Although brought to Congress in support of President Andrew Jackson, “Crockett broke with the [the president] and the new Democratic Party over Crockett’s desire for preferential treatment of squatters occupying land in western Tennessee.

“The Whigs early courted and publicized Crockett in the hope of creating a popular ‘coonskin’ politician to offset Jackson. In 1834 Crockett was conducted on a triumphal speech-making tour of Whig strongholds in the East. From the many stories about him in books and newspapers, there grew the legend of an eccentric but shrewd ‘b’ar hunter’ and Indian fighter.”

Despite his reputation as a colorful storyteller, the historical Crockett was able to separate fact from fiction and his fierce opposition to President Jackson’s Indian Removal Act, led to the defeat of frontiersman from the House in 1834.  “It was expected of me that I was to bow to the name of Andrew Jackson,” he said, “even at the expense of my conscience and judgment. Such a thing was new to me, and a total stranger to my principles.”

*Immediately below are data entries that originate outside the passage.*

(* Let $F$ be a Ferrers diagram and $G=G(F)$. For $c,c'\in\mathsf{Rec}^{\mathsf{min}}(G)$ we have $\mathsf{CanonTop}(c)=\mathsf{CanonTop}(c')$ if and only if $c=c'$.
   Context: Ferrers diagrams and graphs: a Ferrers diagram $F$ (English convention) of semiperimeter $n+1$ has rows and columns labeled by $0,\ldots,n$: the $n+1$ unit steps of its south-east boundary path, traversed from top-right to bottom-left, are labeled $0,1,\ldots,n$; a vertical step labels the row it bounds, a horizontal step the column it bounds (top row labeled $0$). $\mathsf{rows}(F)$, $\mathsf{cols}(F)$ are the row/column label sets; they partition $\{0,\ldots,n\}$, and $F$ has a cell in row $i$, column $j$ iff $i<j$. $G(F)$ has vertex set $\{0,\ldots,n\}$ with an edge between $i\in\mathsf{rows}(F)$ and $j\in\mathsf{cols}(F)$ iff $i<j$. Sandpile model with sink $0$: configurations $c\in\mathbb{N}^n$; non-sink $v$ unstable if $c_v\ge \deg(v)$; toppling $v$ sends one grain to each neighbour (grains sent to $0$ disappear); toppling the sink adds a grain to each of its neighbours. Recurrent configurations: stable configurations obtainable from the maximal stable configuration ($c_v=\deg(v)-1$) by adding grains and stabilizing; $\mathsf{Rec}(G)$ is their set and $\mathsf{Rec}^{\mathsf{min}}(G)$ the set of recurrent configurations with minimal total number of grains. Canonical toppling: for $c\in\mathsf{Rec}(G(F))$, starting from $c$ topple the sink ($U^{(0)}_c=\{0\}$), then alternately topple simultaneously all unstable vertices in $\mathsf{cols}(F)$ ($V^{(1)}_c$), all unstable vertices in $\mathsf{rows}(F)$ ($U^{(1)}_c$), all unstable in $\mathsf{cols}(F)$ ($V^{(2)}_c$), etc.; each vertex topples exactly once, and $\mathsf{CanonTop}(c)=(U^{(0)}_c,V^{(1)}_c,U^{(1)}_c,\ldots)$ is the resulting ordered set partition of $\{0,\ldots,n\}$. *)

From mathcomp Require Import all_boot.
Set Implicit Arguments. Unset Strict Implicit. Unset Printing Implicit Defensive.
Lemma zeta_psi_sub_le x y : a <= x -> x <= y -> y <= b ->
  zeta y * psi rho a y - zeta x * psi rho a x
  <= (zeta b ^ 2 + zeta b * Lb) * psi rho a b * (y - x).
Proof.
  intros Hx Hxy Hy.
  pose proof (zeta_sub_le_lipschitz x y b ltac:(lra) Hxy Hy Hb).
  pose proof (zeta_le x y ltac:(lra) Hxy ltac:(lra)).
  pose proof (zeta_le x b ltac:(lra) ltac:(lra) Hb).
  pose proof (two_le_zeta x ltac:(lra)).
  pose proof (psi_sub_le_lipschitz x y Hx Hxy Hy).
  pose proof (psi_nondecreasing x y Hx Hxy Hy).
  pose proof (psi_nondecreasing y b ltac:(lra) Hy ltac:(lra)).
  pose proof (one_le_psi y ltac:(lra)).
  assert ((zeta y - zeta x) * psi rho a y <= zeta b ^ 2 * (y - x) * psi rho a b)
    by (apply Rmult_le_compat; nra).
  assert (zeta x * (psi rho a y - psi rho a x) <= zeta b * (psi rho a b * Lb * (y - x)))
    by (apply Rmult_le_compat; lra).
  nra.
Qed.

Variable La : R.
Hypothesis rho_right_lim : right_lim rho a La.

Lemma right_lim_nonneg : 0 <= La.
Proof.
  apply (right_lim_le (fun _ => 0) rho a 0 La (b - a)); [lra | | | exact rho_right_lim].
  - intros t Ht. apply rho_nonneg. lra.
  - apply (right_lim_continuous (fun _ => 0)). apply continuity_pt_const. intros ? ?. reflexivity.
Qed.

Lemma Phi_sub_ge x y : a <= x -> x <= y -> y <= b ->
  c0 a b * (f_fun rho a x * (y - x) - (zeta y - zeta x) * psi rho a y)
  + b * Lb * (f_fun rho a x * (y - x)) - weight a b x * (psi rho a y - psi rho a x)
  <= Phi a b La Lb rho y - Phi a b La Lb rho x.
Proof.
  intros Hx Hxy Hy. unfold Phi.
  rewrite (RInt_Chasles_nondecreasing _ a b f_fun_nondecreasing x y Hx Hxy Hy).
  pose proof (RInt_ge_left_value _ a b f_fun_nondecreasing x y Hx Hxy Hy).
  pose proof right_lim_nonneg. pose proof left_lim_nonneg. pose proof (two_le_c0 a b Ha Hab Hb).
  assert (0 <= f_fun rho a x * (y - x)).
  { apply Rmult_le_pos; [|lra]. unfold f_fun. pose proof (one_le_psi x ltac:(lra)).
    apply Rmult_le_pos; [apply Rmult_le_pos; [lra | apply pow2_ge_0] | lra]. }
  assert (Hw : weight a b y = weight a b x + c0 a b * (zeta y - zeta x)) by (unfold weight; ring).
  rewrite Hw.
  assert (0 <= a * La) by (apply Rmult_le_pos; lra).
  assert (0 <= b * Lb) by (apply Rmult_le_pos; lra).
  assert ((c0 a b + b * Lb) * (f_fun rho a x * (y - x))
          <= (c0 a b + a * La + b * Lb) * RInt (f_fun rho a) x y)
    by (apply Rmult_le_compat; lra).
  nra.
Qed.

Lemma weight_mul_psi_sub_le x y : a <= x -> x <= y -> y <= b -> 0 < weight a b x ->
  weight a b x * (psi rho a y - psi rho a x)
  <= Lb / zeta b * weight a b x * (zeta x * psi rho a x) * (y - x)
     + Lb * weight a b b * ((zeta b ^ 2 + zeta b * Lb) * psi rho a b) * (y - x) ^ 2.
Proof.
  intros Hx Hxy Hy Hw. set (r := Lb / zeta b * weight a b x).
  pose proof left_lim_nonneg. pose proof (two_le_zeta b ltac:(lra)).
  pose proof (two_le_zeta x ltac:(lra)). pose proof (zeta_le x y ltac:(lra) Hxy ltac:(lra)).
  pose proof (psi_nondecreasing x y Hx Hxy Hy). pose proof (one_le_psi x ltac:(lra)).
  assert (Hr : 0 <= r <= Lb * weight a b b).
  { pose proof (weight_le_weight_at_b a b Ha Hab Hb x ltac:(lra)).
    split; [apply Rmult_le_pos; [apply div_zeta_nonneg|]; lra |].
    apply (Rmult_le_reg_r (zeta b)); [lra|].
    replace (r * zeta b) with (Lb * weight a b x) by (unfold r; field; lra).
    assert (Lb * weight a b x <= Lb * weight a b b) by (apply Rmult_le_compat_l; lra).
    assert (0 <= Lb * weight a b b) by (apply Rmult_le_pos; lra).
    nra. }
  assert (Hweight_psi : weight a b x * (psi rho a y - psi rho a x)
                       <= r * (zeta y * psi rho a y) * (y - x)).
  { eapply Rle_trans; [apply Rmult_le_compat_l; [lra | exact (psi_sub_le x y Hx Hxy Hy)] |].
    right. unfold r. field. lra. }
  assert (r * (zeta y * psi rho a y - zeta x * psi rho a x) * (y - x)
          <= Lb * weight a b b * ((zeta b ^ 2 + zeta b * Lb) * psi rho a b * (y - x)) * (y - x)).
  { apply Rmult_le_compat_r; [lra|].
    apply Rmult_le_compat; [lra | nra | lra | exact (zeta_psi_sub_le x y Hx Hxy Hy)]. }
  nra.
Qed.

Lemma Phi_local_slope : exists L, forall x y, a <= x -> x <= y -> y <= b ->
  Phi_slope a b Lb rho x * (y - x) - L * (y - x) ^ 2
  <= Phi a b La Lb rho y - Phi a b La Lb rho x.
Proof.
  set (E1 := (zeta b ^ 3 + zeta b ^ 2 * Lb) * psi rho a b).
  set (E2 := (zeta b ^ 2 + zeta b * Lb) * psi rho a b).
  exists (c0 a b * E1 + Lb * weight a b b * E2). intros x y Hx Hxy Hy.
  pose proof (Phi_sub_ge x y Hx Hxy Hy).
  pose proof (zeta_sub_mul_psi_le x y Hx Hxy Hy) as HE1. fold E1 in HE1.
  pose proof (two_le_c0 a b Ha Hab Hb). pose proof left_lim_nonneg.
  pose proof (weight_at_b_nonneg a b Ha Hab Hb).
  pose proof (psi_nondecreasing x y Hx Hxy Hy).
  assert (0 <= E2).
  { unfold E2. pose proof (two_le_zeta b ltac:(lra)). pose proof (one_le_psi b ltac:(lra)).
    apply Rmult_le_pos; [|lra].
    apply Rplus_le_le_0_compat; [apply pow2_ge_0 | apply Rmult_le_pos; lra]. }
  assert (0 <= Lb * weight a b b * E2 * (y - x) ^ 2)
    by (apply Rmult_le_pos; [apply Rmult_le_pos; [apply Rmult_le_pos |] | apply pow2_ge_0]; lra).
  assert (c0 a b * (- E1 * (y - x) ^ 2)
          <= c0 a b * (f_fun rho a x * (y - x) - (zeta y - zeta x) * psi rho a y))
    by (apply Rmult_le_compat_l; lra).
  unfold Phi_slope. destruct (Rle_dec (weight a b x) 0) as [Hw | Hw].
  - assert (weight a b x * (psi rho a y - psi rho a x) <= 0) by nra.
    nra.
  - apply Rnot_le_lt in Hw.
    pose proof (weight_mul_psi_sub_le x y Hx Hxy Hy Hw) as HW. fold E2 in HW.
    assert (Lb / zeta b * (zeta x * psi rho a x) * weight_defect a b x * (y - x)
            = b * Lb * (f_fun rho a x * (y - x))
              - Lb / zeta b * weight a b x * (zeta x * psi rho a x) * (y - x)).
    { pose proof (two_le_zeta b ltac:(lra)). unfold weight_defect, f_fun. field. lra. }
    nra.
Qed.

Davy Crockett was always willing to put his reputation, career and eventually his life on the line in defense of his principles.  He left for Texas not long after leaving Congress, telling his colleagues on the hill, “You may all go to Hell, and I will go to Texas.”

Joining the fight for Texas Revolution, David Crockett frontiersman, Indian fighter, and U.S. Congressman made his final stand on principle when he was killed in the battle at the Alamo.  His legacy contained more than a few exaggerated stories, but some practical wisdom we can all be reminded of:

We have the right as individuals to give away as much of our own money as we please in charity; but as members of Congress we have no right to appropriate a dollar of the public money.

I have always supported measures and principles and not men.

I would rather be politically dead than hypocritically immortalized.

“Always be sure you are right, then go ahead.”